J'aurois, monsieur, une petite prière à vous faire. J'ai un procès que je suis sur le point de perdre, faute d'un peu d'argent (Harpagon prend un air sérieux) et vous pourriez facilement me procurer le gain de ce procès, si vous aviez quelque bonté pour moi. Vous ne sauriez croire le plaisir qu'elle aura de vous voir. (Harpagon reprend un air gai.) Ah! que vous lui plairez, et que votre fraise à l'antique fera sur son esprit un effet admirable! Mais surtout elle sera charmée de votre haut-de-chausses attaché au pourpoint avec aiguillettes. C'est pour la rendre folle de vous; et un amant aiguilleté[54] sera pour elle un ragoût merveilleux.
HARPAGON.
Certes, tu me ravis de me dire cela.
FROSINE.
En vérité, monsieur, ce procès m'est d'une conséquence tout à fait grande. (Harpagon reprend son air sérieux.) Je suis ruinée, si je le perds; et quelque petite assistance me rétabliroit mes affaires... Je voudrois que vous eussiez vu le ravissement où elle étoit à m'entendre parler de vous. (Harpagon reprend son air gai.) La joie éclatoit dans ses yeux au récit de vos qualités; et je l'ai mise enfin dans une impatience extrême de voir ce mariage entièrement conclu.
HARPAGON.
Tu m'as fait grand plaisir, Frosine; et je t'en ai, je te l'avoue, toutes les obligations du monde.
FROSINE.
Je vous prie, monsieur, de me donner le petit secours que je vous demande. (Harpagon reprend son air sérieux.) Cela me remettra sur pied, et je vous en serai éternellement obligée.
HARPAGON.
Adieu. Je vais achever mes dépêches.
FROSINE.
Je vous assure, monsieur, que vous ne sauriez jamais me soulager dans un plus grand besoin.
HARPAGON.
Je mettrai ordre que mon carrosse soit tout prêt pour vous mener à la foire.
FROSINE.
Je ne vous importunerois pas si je ne m'y voyois forcée par la nécessité.
HARPAGON.
Et j'aurai soin qu'on soupe de bonne heure, pour ne vous point faire malades.
FROSINE.
Ne me refusez pas la grâce dont je vous sollicite. Vous ne sauriez croire, monsieur, le plaisir que...
HARPAGON.
Je m'en vais. Voilà qu'on m'appelle. Jusqu'à tantôt.
FROSINE, seule.
Que la fièvre te serre, chien de vilain, à tous les diables! Le ladre a été ferme à toutes mes attaques; mais il ne me faut pas pourtant quitter la négociation; et j'ai l'autre côté, en tous cas, d'où je suis assurée de tirer bonne récompense.

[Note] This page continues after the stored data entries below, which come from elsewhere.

(* Let $\pi\in\mathfrak{S}_n$ avoid $132$, and let $\{a,b,c\}$ and $\{d,e,f\}$ be the element sets of two $3$-cycles of $\pi$, with $a<b<c$, $d<e<f$ and $a<d$. Then one of the following holds: (A) $a<d<b<e<c<f$; (B) $a<d<e<b<f<c$; (C) $a<d<e<f<b<c$. Furthermore, if one of the two $3$-cycles is of form $(1,2,3)$ and the other is of form $(1,3,2)$, then configuration (C) holds.
   Context: A permutation avoids $132$ if there are no indices $i<j<k$ with $\pi_i<\pi_k<\pi_j$. A $3$-cycle on elements $a<b<c$ is of form $(1,2,3)$ if it is $(a,b,c)$, i.e. $a\mapsto b\mapsto c\mapsto a$, and of form $(1,3,2)$ if it is $(a,c,b)$, i.e. $a\mapsto c\mapsto b\mapsto a$. *)

From mathcomp Require Import all_boot all_order all_fingroup.
Set Implicit Arguments. Unset Strict Implicit. Unset Printing Implicit Defensive.

Definition avoids132 (n : nat) (s : {perm 'I_n}) : Prop :=
  ~ exists i j k : 'I_n, [/\ i < j, j < k & (s i < s k < s j)%N].

Definition cycle123 (n : nat) (s : {perm 'I_n}) (a b c : 'I_n) : Prop :=
  [/\ (a < b < c)%N, s a = b, s b = c & s c = a].

Definition cycle132 (n : nat) (s : {perm 'I_n}) (a b c : 'I_n) : Prop :=
  [/\ (a < b < c)%N, s a = c, s c = b & s b = a].

Definition is3cycle (n : nat) (s : {perm 'I_n}) (a b c : 'I_n) : Prop :=
  cycle123 s a b c \/ cycle132 s a b c.

From mathcomp Require Import all_boot all_order all_fingroup.
From mathcomp Require Import zify.

(* In a 132-avoiding permutation, the positions to the right of i whose values
   exceed s i carry increasing values.  Every 3-cycle d < e < f contains a
   descent, (e, f) for (d,e,f) and (d, f) for (d,f,e), so all positions before
   e, resp. before d, carry values at least d, resp. e.  Since the cycle on
   a < b < c sends one of b, c to a < d, this pushes b or c past d or e; one
   more application of monotonicity, above s a, s d or s e according to the
   two cycle types, then leaves only the interleavings (A), (B), (C), and only
   (C) when the types differ.  The cycles are disjoint because a 3-cycle
   reaches its minimum from each of its elements. *)

Set Implicit Arguments.
Unset Strict Implicit.
Unset Printing Implicit Defensive.

Section ThreeCycles.

Variables (n : nat) (s : {perm 'I_n}).
Implicit Types x y z u v w t : 'I_n.

Lemma is3cycle_closed x y z t :
  is3cycle s x y z -> t \in [:: x; y; z] -> s t \in [:: x; y; z].
Proof.
by case=> -[_ sx sy sz]; rewrite !inE => /or3P[]/eqP->;
  rewrite ?sx ?sy ?sz !eqxx ?orbT.
Qed.

Lemma is3cycle_reach x y z t :
  is3cycle s x y z -> t \in [:: x; y; z] -> x \in [:: t; s t; s (s t)].
Proof.
by case=> -[_ sx sy sz]; rewrite !inE => /or3P[]/eqP->;
  rewrite ?sx ?sy ?sz !eqxx ?orbT.
Qed.

Lemma is3cycle_disjoint x y z u v w t :
  is3cycle s x y z -> is3cycle s u v w -> x < u ->
  t \in [:: x; y; z] -> t \notin [:: u; v; w].
Proof.
move=> xyz uvw x_lt_u tx; apply/negP => tu.
have u_min : {in [:: u; v; w], forall r : 'I_n, u <= r}.
  by case: uvw => -[/andP[uv vw] _ _ _] r; rewrite !inE => /or3P[]/eqP->; lia.
have /allP/(_ x (is3cycle_reach xyz tx))/u_min :
    all [in [:: u; v; w]] [:: t; s t; s (s t)].
  have stu := is3cycle_closed uvw tu.
  by rewrite /= tu stu (is3cycle_closed uvw stu).
by rewrite leqNgt x_lt_u.
Qed.

End ThreeCycles.

Section Avoids132.

Variables (n : nat) (s : {perm 'I_n}).
Hypothesis s132 : avoids132 s.
Implicit Types i j k d e f : 'I_n.

Lemma avoids132_incr_above i j k : i < j < k -> s i < s k -> s j < s k.
Proof.
move=> /andP[ij jk] sik.
rewrite ltn_neqAle leqNgt val_eqE (inj_eq perm_inj) -val_eqE neq_ltn jk /=.
by apply/negP => skj; apply: s132; exists i, j, k; rewrite sik skj.
Qed.

Lemma cycle123_lt_mid d e f i : cycle123 s d e f -> i < e -> d <= s i.
Proof.
move=> [/andP[de ef] _ se sf] ie; rewrite leqNgt; apply/negP => sid.
have := @avoids132_incr_above i e f; rewrite ie ef se sf => /(_ isT sid).
by rewrite ltnNge (ltnW (ltn_trans de ef)).
Qed.

Lemma cycle132_lt_min d e f i : cycle132 s d e f -> i < d -> e <= s i.
Proof.
move=> [/andP[de ef] sd sf _] id; rewrite leqNgt; apply/negP => sie.
have := @avoids132_incr_above i d f; rewrite id (ltn_trans de ef) sd sf.
by move=> /(_ isT sie); rewrite ltnNge (ltnW ef).
Qed.

End Avoids132.

Definition configA (a b c d e f : nat) :=
  [&& a < d, d < b, b < e, e < c & c < f].
Definition configB (a b c d e f : nat) :=
  [&& a < d, d < e, e < b, b < f & f < c].
Definition configC (a b c d e f : nat) :=
  [&& a < d, d < e, e < f, f < b & b < c].

Section TwoCycles.

Variables (n : nat) (s : {perm 'I_n}) (a b c d e f : 'I_n).
Hypotheses (s132 : avoids132 s) (a_lt_d : a < d).

Local Notation A := (configA a b c d e f).
Local Notation B := (configB a b c d e f).
Local Notation C := (configC a b c d e f).
Local Notation incr i j k := (@avoids132_incr_above _ _ s132 i j k).

Lemma two_cycles_distinct : is3cycle s a b c -> is3cycle s d e f ->
  [/\ b != d :> nat, b != e :> nat, b != f :> nat,
      c != e :> nat & c != f :> nat].
Proof.
move=> abc def.
have neq x y : x \in [:: a; b; c] -> y \in [:: d; e; f] -> x != y :> nat.
  move=> /(is3cycle_disjoint abc def a_lt_d) x_notin y_in.
  by rewrite val_eqE; apply: contraNneq x_notin => ->.
by rewrite !neq // !inE eqxx ?orbT.
Qed.

Lemma config_cycle123_cycle123 :
  cycle123 s a b c -> cycle123 s d e f -> [|| A, B | C].
Proof.
move=> abc def.
have [ne_bd ne_be ne_bf ne_ce ne_cf] :=
  two_cycles_distinct (or_introl abc) (or_introl def).
case: (abc) (def) => [/andP[ab bc] sa sb sc] [/andP[de ef] _ se sf].
have d_le_b : d <= b by rewrite -sa (cycle123_lt_mid s132 def) //; lia.
have e_le_c : e <= c.
  by rewrite leqNgt; apply/negP => /(cycle123_lt_mid s132 def); rewrite sc; lia.
have b_lt_e_c_lt_f : b < e -> c < f.
  by move=> b_lt_e; have := incr a b e; rewrite sa sb se; apply; lia.
have e_lt_b_f_lt_c : e < b -> f < c.
  by move=> e_lt_b; have := incr a e b; rewrite sa sb se; apply; lia.
rewrite /configA /configB /configC; lia.
Qed.

Lemma config_cycle132_cycle123 : cycle132 s a b c -> cycle123 s d e f -> C.
Proof.
move=> abc def.
have [ne_bd ne_be ne_bf ne_ce ne_cf] :=
  two_cycles_distinct (or_intror abc) (or_introl def).
case: (abc) (def) => [/andP[ab bc] _ sc sb] [/andP[de ef] sd se _].
have e_le_b : e <= b.
  by rewrite leqNgt; apply/negP => /(cycle123_lt_mid s132 def); rewrite sb; lia.
have f_lt_b : f < b.
  by have := incr d e c; rewrite sd se sc; apply; lia.
rewrite /configC; lia.
Qed.

Lemma config_cycle123_cycle132 : cycle123 s a b c -> cycle132 s d e f -> C.
Proof.
move=> abc def.
have [ne_bd ne_be ne_bf ne_ce ne_cf] :=
  two_cycles_distinct (or_introl abc) (or_intror def).
case: (abc) (def) => [/andP[ab bc] sa sb _] [/andP[de ef] _ sf se].
have e_le_b : e <= b by rewrite -sa (cycle132_lt_min s132 def).
have b_lt_f_c_lt_e : b < f -> c < e.
  by move=> b_lt_f; have := incr e b f; rewrite se sb sf; apply; lia.
rewrite /configC; lia.
Qed.

Lemma config_cycle132_cycle132 :
  cycle132 s a b c -> cycle132 s d e f -> [|| A, B | C].
Proof.
move=> abc def.
have [ne_bd ne_be ne_bf ne_ce ne_cf] :=
  two_cycles_distinct (or_intror abc) (or_intror def).
case: (abc) (def) => [/andP[ab bc] sa sc sb] [/andP[de ef] _ sf se].
have d_le_b : d <= b.
  by rewrite leqNgt; apply/negP => /(cycle132_lt_min s132 def); rewrite sb; lia.
have e_le_c : e <= c by rewrite -sa (cycle132_lt_min s132 def).
have f_lt_c_e_lt_b : f < c -> e < b.
  by move=> f_lt_c; have := incr e f c; rewrite se sf sc; apply; lia.
have c_lt_f_b_lt_e : c < f -> b < e.
  by move=> c_lt_f; have := incr e c f; rewrite se sc sf; apply; lia.
rewrite /configA /configB /configC; lia.
Qed.

End TwoCycles.

Theorem lemma4p1 (n : nat) (s : {perm 'I_n}) (a b c d e f : 'I_n) :
  avoids132 s ->
  (a < b < c)%N -> (d < e < f)%N -> (a < d)%N ->
  is3cycle s a b c -> is3cycle s d e f ->
  [\/ [&& a < d, d < b, b < e, e < c & c < f]%N,
      [&& a < d, d < e, e < b, b < f & f < c]%N
    | [&& a < d, d < e, e < f, f < b & b < c]%N ] /\
  ((cycle123 s a b c /\ cycle132 s d e f) \/
   (cycle132 s a b c /\ cycle123 s d e f) ->
   [&& a < d, d < e, e < f, f < b & b < c]%N).
Proof.
move=> s132 _ _ a_lt_d abc def; split.
  case: abc def => [abc|abc] [def|def].
  - exact/or3P/(config_cycle123_cycle123 s132 a_lt_d abc def).
  - exact/Or33/(config_cycle123_cycle132 s132 a_lt_d abc def).
  - exact/Or33/(config_cycle132_cycle123 s132 a_lt_d abc def).
  - exact/or3P/(config_cycle132_cycle132 s132 a_lt_d abc def).
by case=> -[];
  [exact: config_cycle123_cycle132 | exact: config_cycle132_cycle123].
Qed.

[52] Pour cent vingt; six fois vingt ans. Archaïsme encore usité dans le patois de quelques provinces, surtout dans le Midi.
[53] Allusion à la santé de Molière, qui jouait ce rôle.
[54] Voyez plus haut la note deuxième, p. 153.
ACTE III
SCÈNE I.--HARPAGON, CLÉANTE, ÉLISE, VALÈRE, DAME CLAUDE, tenant un balai, MAITRE JACQUES, LA MERLUCHE, BRINDAVOINE.
HARPAGON.
Allons, venez çà tous; que je vous distribue mes ordres pour tantôt, et règle à chacun son emploi. Approchez, dame Claude; commençons par vous. Bon, vous voilà les armes à la main. Je vous commets au soin de nettoyer partout; et surtout prenez garde de ne point frotter les meubles trop fort, de peur de les user. Outre cela, je vous constitue, pendant le souper, au gouvernement des bouteilles; et, s'il s'en écarte quelqu'une, et qu'il se casse quelque chose, je m'en prendrai à vous, et le rabattrai sur vos gages.
MAITRE JACQUES, à part.
Châtiment politique!
HARPAGON, à dame Claude.
Allez.
SCÈNE II.--HARPAGON, CLÉANTE, ÉLISE, VALÈRE, MAITRE JACQUES, BRINDAVOINE, LA MERLUCHE.
HARPAGON.
Vous, Brindavoine, et vous, la Merluche, je vous établis dans la charge de rincer les verres et de donner à boire, mais seulement lorsque l'on aura soif, et non pas selon la coutume de certains impertinens de laquais, qui viennent provoquer les gens, et les faire aviser de boire lorsqu'on n'y songe pas. Attendez qu'on vous demande plus d'une fois, et vous ressouvenez de porter toujours beaucoup d'eau.
MAITRE JACQUES, à part.
Oui. Le vin pur monte à la tête.
LA MERLUCHE.
Quitterons-nous nos siquenilles[55], monsieur?
HARPAGON.
Oui, quand vous verrez venir les personnes: et gardez bien de gâter vos habits.
BRINDAVOINE.
Vous savez bien, monsieur, qu'un des devans de mon pourpoint est couvert d'une grande tache de l'huile de la lampe.
LA MERLUCHE.
Et moi, monsieur, que j'ai mon haut-de-chausses tout troué par derrière, et qu'on me voit, révérence parler...
HARPAGON, à La Merluche.
Paix! Rangez cela adroitement du côté de la muraille, et présentez toujours le devant au monde. (A Brindavoine, en lui montrant comment il doit mettre son chapeau au-devant de son pourpoint, pour cacher la tache d'huile.) Et vous, tenez toujours votre chapeau ainsi, lorsque vous servirez.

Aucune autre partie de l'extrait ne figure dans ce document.